Retype exactly the lines below, beginning with the first and ending with the line where "Lemma SA0_inj x" appears.

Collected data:
· · ·
Lemma mem_sa q : (q \in sa) = (0 < q <= n).
Proof. by case/andP: sa_ok => /perm_mem ->; rewrite mem_iota add1n ltnS. Qed.

Lemma SA0_le c : SA0 c <= n.
Proof.
case: c => // c; rewrite /SA0 /=; case: (ltnP c (size sa)) => [cn|cn].
  by move: (mem_nth 0 cn); rewrite mem_sa => /andP[].
by rewrite nth_default.
Qed.

Lemma SA0_default c : n < c -> SA0 c = 0.
Proof. by case: c => // c cn; rewrite /SA0 /= nth_default // size_sa. Qed.

Lemma SA0_range c : 0 < c <= n -> 0 < SA0 c <= n.
Proof. by case: c => // c cn; rewrite /SA0 /= -mem_sa mem_nth ?size_sa. Qed.

Lemma SA0_inj x y : 0 < x <= n -> 0 < y <= n -> SA0 x = SA0 y -> x = y.
Proof.
case: x => // x; case: y => // y xn yn /eqP; rewrite /SA0 /=.
by rewrite (nth_uniq 0 _ _ uniq_sa) ?size_sa // => /eqP->.
Qed.

Lemma SA0_neq x y : x < y <= n -> SA0 x != SA0 y.
Proof.
move=> /andP[xy yn]; have yr : 0 < y <= n by rewrite yn (leq_ltn_trans _ xy).
case: x xy => [|x] xy; first by rewrite neq_ltn (proj1 (andP (SA0_range yr))).
apply/eqP => /SA0_inj eq_xy; suff : x.+1 = y by lia.
by apply: eq_xy; lia.
Qed.

Lemma SA0_ISA q : 0 < q <= n -> SA0 (ISA q) = q.
Proof. by rewrite -mem_sa => qin; rewrite /SA0 /= nth_index. Qed.

Lemma ISA_range q : 0 < q <= n -> 0 < ISA q <= n.
Proof. by rewrite -mem_sa -index_mem size_sa. Qed.

Lemma ISA_SA0 c : 0 < c <= n -> ISA (SA0 c) = c.
Proof. by case: c => // c cn; rewrite /ISA /SA0 /= index_uniq ?uniq_sa ?size_sa. Qed.

Lemma suf_SA0_sorted x y : 0 < x -> x < y <= n ->
  lex_lt (suf T (SA0 x)) (suf T (SA0 y)).
Proof.
case: x => // x _ /andP[xy yn]; case: y xy yn => // y xy yn.
have /andP[_ sorted_sa] := sa_ok.
have := sorted_ltn_nth lex_lt_trans [::] sorted_sa x y.
rewrite !inE size_map size_sa !(nth_map 0) ?size_sa; first by apply; lia.
all: lia.
Qed.

Lemma sufrE x : 0 < x <= n -> sufr x = suf T (SA0 x).
Proof. by rewrite /sufr => ->. Qed.

Lemma lcprC x y : lcpr x y = lcpr y x.
Proof. exact: lcp_lenC. Qed.

Lemma lcpr_le x y : lcpr x y <= n.
Proof.
rewrite /lcpr /sufr; case: ifP => _; last by [].
by rewrite (leq_trans (lcp_len_le_size _ _)) // size_drop leq_subr.
Qed.

Lemma lcpr0 y : lcpr 0 y = 0.
Proof. by []. Qed.

Lemma lcpr_out x : lcpr x n.+1 = 0.
Proof. by rewrite lcprC /lcpr /sufr ltnn andbF. Qed.

Lemma lcpr_min b c a : b < c -> c < a <= n.+1 ->
  lcpr b a = minn (lcpr b c) (lcpr c a).
Proof.
move=> bc /andP[ca an]; case: b bc => [|b] bc; first by rewrite !lcpr0 min0n.
case: (ltngtP a n.+1) an => // [an|->] _; last by rewrite !lcpr_out minn0.
rewrite /lcpr !sufrE; try lia.
by apply: lcp_len_min; apply: suf_SA0_sorted; lia.
Qed.

Lemma lcpr_mono_l x b c : 0 < x <= b -> b < c <= n -> lcpr x c <= lcpr b c.
Proof.
move=> /andP[x0 xb] /andP[bc cn]; have [xb'|->] : x < b \/ x = b by lia.
  by rewrite (@lcpr_min x b c) ?geq_minr //; lia.
by [].
Qed.

Lemma lcpr_mono_r c a x : c < a -> a <= x <= n -> lcpr c x <= lcpr c a.
Proof.
move=> ca /andP[ax xn]; have [ax'|<-] : a < x \/ a = x by lia.
  by rewrite (@lcpr_min c a x) ?geq_minl //; lia.
by [].
Qed.


Lemma substr_eq_lcp i j l : 0 < i <= n -> 0 < j <= n ->
  substr_eq T i j l = (l <= lcp_len (suf T i) (suf T j)).
Proof.
case: i => // i /= ilt; case: j => // j /= jlt.
rewrite /substr_eq -take_eq_lcp_len /suf !size_drop /= !addSn !ltnS.
have fits k : k < n -> (k + l <= n) = (l <= n - k) by move=> ?; apply/idP/idP; lia.
by rewrite !fits.
Qed.

Lemma lcp_le_LPF i j : 0 < i < j -> j <= n -> lcp_len (suf T i) (suf T j) <= LPF T j.
Proof.
move=> /andP[i0 ij] jn.
have ln : lcp_len (suf T i) (suf T j) < n.+1.
  by rewrite ltnS (leq_trans (lcp_len_le_size _ _)) // size_drop leq_subr.
apply: (leq_bigmax_cond (Ordinal ln)); apply/existsP; exists (Ordinal ij).
by rewrite /= i0 substr_eq_lcp //; lia.
Qed.

Lemma LPF_le j m : 0 < j <= n ->
  (forall i, 0 < i < j -> lcp_len (suf T i) (suf T j) <= m) -> LPF T j <= m.
Proof.
move=> jr ub; apply/bigmax_leqP => l /existsP[i /andP[i0 eq_il]].
have ij : 0 < i < j by rewrite i0 ltn_ord.
by apply: leq_trans (ub _ ij); rewrite -substr_eq_lcp //; lia.
Qed.

Lemma lcpr_le_LPF x c : 0 < c <= n -> SA0 x < SA0 c -> lcpr x c <= LPF T (SA0 c).
Proof.
move=> cr xc; rewrite /lcpr (sufrE cr) /sufr; case: ifP => xr; last by [].
by apply: lcp_le_LPF; [have := SA0_range xr; lia | exact: SA0_le].
Qed.

(* Crochemore and Ilie: [b] and [a] are the previous and next smaller values
   of rank [c] in SA, so every position before [SA[c]] has rank at most [b] or
   at least [a]. *)
Lemma LPF_nearest_smaller b c a : 0 < c <= n -> b < c < a -> a <= n.+1 ->
  SA0 b < SA0 c -> (forall x, b < x < c -> SA0 c < SA0 x) ->
  SA0 a < SA0 c -> (forall x, c < x < a -> SA0 c < SA0 x) ->
  LPF T (SA0 c) = maxn (lcpr b c) (lcpr c a).
Proof.
move=> cr /andP[bc ca] an psv_b between_b nsv_a between_a.
have ge_b := lcpr_le_LPF cr psv_b.
have ge_a : lcpr c a <= LPF T (SA0 c) by rewrite lcprC lcpr_le_LPF.
apply/eqP; rewrite eqn_leq geq_max ge_b ge_a !andbT.
apply: LPF_le; first exact: SA0_range.
move=> i ir; have irn : 0 < i <= n by have := SA0_le c; lia.
rewrite -(SA0_ISA irn) -sufrE ?ISA_range // -(sufrE cr) -/(lcpr _ _).
have := ISA_range irn; have := SA0_ISA irn; set x := ISA i => xi xr.
have [xc|cx|xc] := ltngtP x c; last by move: ir; rewrite -xi xc ltnn andbF.
- have xb : x <= b.
    by rewrite leqNgt; apply/negP => bx; have := between_b x; rewrite bx xc xi; lia.
  by rewrite leq_max lcpr_mono_l //; lia.
- have ax : a <= x.
    by rewrite leqNgt; apply/negP => xa; have := between_a x; rewrite xa cx xi; lia.
  by rewrite leq_max lcprC lcpr_mono_r ?orbT //; lia.
Qed.

End SuffixArray.

Section LCPRepresentation.
Variables (T sa : seq nat).
Hypothesis sa_ok : is_suffix_array T sa.
Local Notation n := (size T).
Local Notation SA0 := (SA0 sa).
Local Notation ISA := (ISA sa).
Local Notation lcpr := (lcpr T sa).
Local Notation PLCP := (PLCP T sa).

Lemma PLCP_SA0 c : 0 < c <= n -> PLCP (SA0 c) = lcpr c.-1 c.
Proof.
move=> cr; rewrite /PLCP -/(ISA _) (ISA_SA0 sa_ok) // /LCPa /lcpr.
case: c cr => [|[|c]] //= cr; rewrite lcp_lenC !sufrE //; lia.
Qed.

Lemma lcp_le_PLCP i q : 0 < i <= n -> 0 < q <= n ->
  lex_lt (suf T i) (suf T q) -> lcp_len (suf T i) (suf T q) <= PLCP q.
Proof.
move=> ir qr iq; have yr := ISA_range sa_ok ir; have zr := ISA_range sa_ok qr.
have yz : ISA i < ISA q.
  rewrite ltnNge; apply/negP => zy; move: iq.
  rewrite -(SA0_ISA sa_ok ir) -(SA0_ISA sa_ok qr).
  have [zy'|->] : ISA q < ISA i \/ ISA q = ISA i by lia.
    by rewrite lex_lt_asym // suf_SA0_sorted //; lia.
  by rewrite lex_lt_irr.
rewrite -(SA0_ISA sa_ok qr) PLCP_SA0 ?(SA0_ISA sa_ok) //.
rewrite -{1}(SA0_ISA sa_ok ir) -{1}(SA0_ISA sa_ok qr) -!sufrE //.
by apply: lcpr_mono_l => //; lia.
Qed.

Lemma suf_cons i : 0 < i <= n -> suf T i = nth 0 T i.-1 :: suf T i.+1.
Proof. by case: i => // i /= iT; rewrite /suf /= (drop_nth 0). Qed.

(* Kasai et al.: dropping the common first character of two adjacent suffixes
   leaves a pair of suffixes in the same order. *)
Lemma PLCP_pred_le q : 1 < q <= n -> PLCP q.-1 <= (PLCP q).+1.
Proof.
move=> qr; have q1r : 0 < q.-1 <= n by lia.
have [x [xq xr]] : exists x, SA0 x = q.-1 /\ 0 < x <= n.
  by exists (ISA q.-1); rewrite (SA0_ISA sa_ok) // (ISA_range sa_ok).
rewrite -xq PLCP_SA0 //; case: x xq xr => [|[|x]] // xq xr.
set v := SA0 x.+1; have vr : 0 < v <= n by apply: (SA0_range sa_ok); lia.
have : lex_lt (suf T v) (suf T q.-1) by rewrite -xq; apply: suf_SA0_sorted => //; lia.
have -> : lcpr x.+1 x.+2 = lcp_len (suf T v) (suf T q.-1).
  by rewrite /lcpr !sufrE -?xq //; lia.
rewrite (suf_cons vr) (suf_cons q1r) prednK /=; last by lia.
case: eqP => [->|_ _]; last by [].
rewrite ltnn /= ltnS => lt_tail.
have [vn|vn] := leqP v.+1 n; first by apply: lcp_le_PLCP => //; lia.
by rewrite /suf /= drop_oversize //; lia.
Qed.

(* The truncated subtraction in [Ivec] is exact by [PLCP_pred_le]. *)
Lemma sumn_Ivec p : 0 < p <= n ->
  sumn [seq (Ivec T sa i).+1 | i <- iota 1 p] = PLCP p + (2 * p - 1).
Proof.
elim: p => [|[|p] IH] // pr; first by rewrite /= /Ivec addn0 addn1.
rewrite -[p.+2]addn1 iotaD map_cat sumn_cat IH; last by lia.
have := PLCP_pred_le (q := p.+2); rewrite /= /Ivec /= add0n add1n !addn1; lia.
Qed.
· · ·
RESPONSE TO THIS EXERCISE:
Lemma mem_sa q : (q \in sa) = (0 < q <= n).
Proof. by case/andP: sa_ok => /perm_mem ->; rewrite mem_iota add1n ltnS. Qed.

Lemma SA0_le c : SA0 c <= n.
Proof.
case: c => // c; rewrite /SA0 /=; case: (ltnP c (size sa)) => [cn|cn].
  by move: (mem_nth 0 cn); rewrite mem_sa => /andP[].
by rewrite nth_default.
Qed.

Lemma SA0_default c : n < c -> SA0 c = 0.
Proof. by case: c => // c cn; rewrite /SA0 /= nth_default // size_sa. Qed.

Lemma SA0_range c : 0 < c <= n -> 0 < SA0 c <= n.
Proof. by case: c => // c cn; rewrite /SA0 /= -mem_sa mem_nth ?size_sa. Qed.

Lemma SA0_inj x y : 0 < x <= n -> 0 < y <= n -> SA0 x = SA0 y -> x = y.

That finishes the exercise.